Lemma base_three_colorable_after_selection :
  exists2 f : base -> option base, one_selection f & colorable (adj_del f) 3.
Proof.
pose f (a : base) : option base := omap inord (nth None selection_data a).
have sel_ok (a : 'I_70) b : nth None selection_data a = Some b -> sedge a b \in edges.
  by move=> E; have := allP selection_data_ok a; rewrite mem_iota ltn_ord E => /(_ isT).
have fE (a b : 'I_70) : (f a == Some b) = (nth None selection_data a == Some (val b)).
  rewrite /f; case E: (nth None selection_data a) => [b'|] //=.
  have /andP[_ b'_lt] := sedge_lt70 (sel_ok _ _ E).
  by apply/eqP/eqP => [[<-] | [->]]; rewrite ?inordK ?inord_val.
exists f.
  move=> a b; rewrite /f; case E: (nth None selection_data a) => [b'|] //= [<-].
  have /andP[_ b'_lt] := sedge_lt70 (sel_ok _ _ E).
  by rewrite /= /base_adj inordK //; exact: sel_ok E.
have /andP[/allP proper /allP lt3] := coloring_data_ok.
exists (fun a : base => inord (nth 0 coloring_data a)) => a b /andP[ab kept] /(congr1 val).
have a3 := lt3 a; have b3 := lt3 b; rewrite !mem_iota !ltn_ord in a3 b3.
rewrite /= !inordK ?a3 ?b3 ?isT // => same.
move: (proper _ ab) kept; rewrite selects_sedge !fE.
by rewrite /sedge /=; case: leqP => _ /=; rewrite same eqxx /= => ->.
Qed.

***

** WHAT TO PRODUCE **
Set the records above down again, exactly as they read.

** SOLUTION TO THE PROBLEM **
Lemma base_three_colorable_after_selection :
  exists2 f : base -> option base, one_selection f & colorable (adj_del f) 3.
Proof.
pose f (a : base) : option base := omap inord (nth None selection_data a).
have sel_ok (a : 'I_70) b : nth None selection_data a = Some b -> sedge a b \in edges.
  by move=> E; have := allP selection_data_ok a; rewrite mem_iota ltn_ord E => /(_ isT).
have fE (a b : 'I_70) : (f a == Some b) = (nth None selection_data a == Some (val b)).
  rewrite /f; case E: (nth None selection_data a) => [b'|] //=.
  have /andP[_ b'_lt] := sedge_lt70 (sel_ok _ _ E).
  by apply/eqP/eqP => [[<-] | [->]]; rewrite ?inordK ?inord_val.
exists f.
  move=> a b; rewrite /f; case E: (nth None selection_data a) => [b'|] //= [<-].
  have /andP[_ b'_lt] := sedge_lt70 (sel_ok _ _ E).
  by rewrite /= /base_adj inordK //; exact: sel_ok E.
have /andP[/allP proper /allP lt3] := coloring_data_ok.
exists (fun a : base => inord (nth 0 coloring_data a)) => a b /andP[ab kept] /(congr1 val).
have a3 := lt3 a; have b3 := lt3 b; rewrite !mem_iota !ltn_ord in a3 b3.
rewrite /= !inordK ?a3 ?b3 ?isT // => same.
move: (proper _ ab) kept; rewrite selects_sedge !fE.
by rewrite /sedge /=; case: leqP => _ /=; rewrite same eqxx /= => ->.
Qed.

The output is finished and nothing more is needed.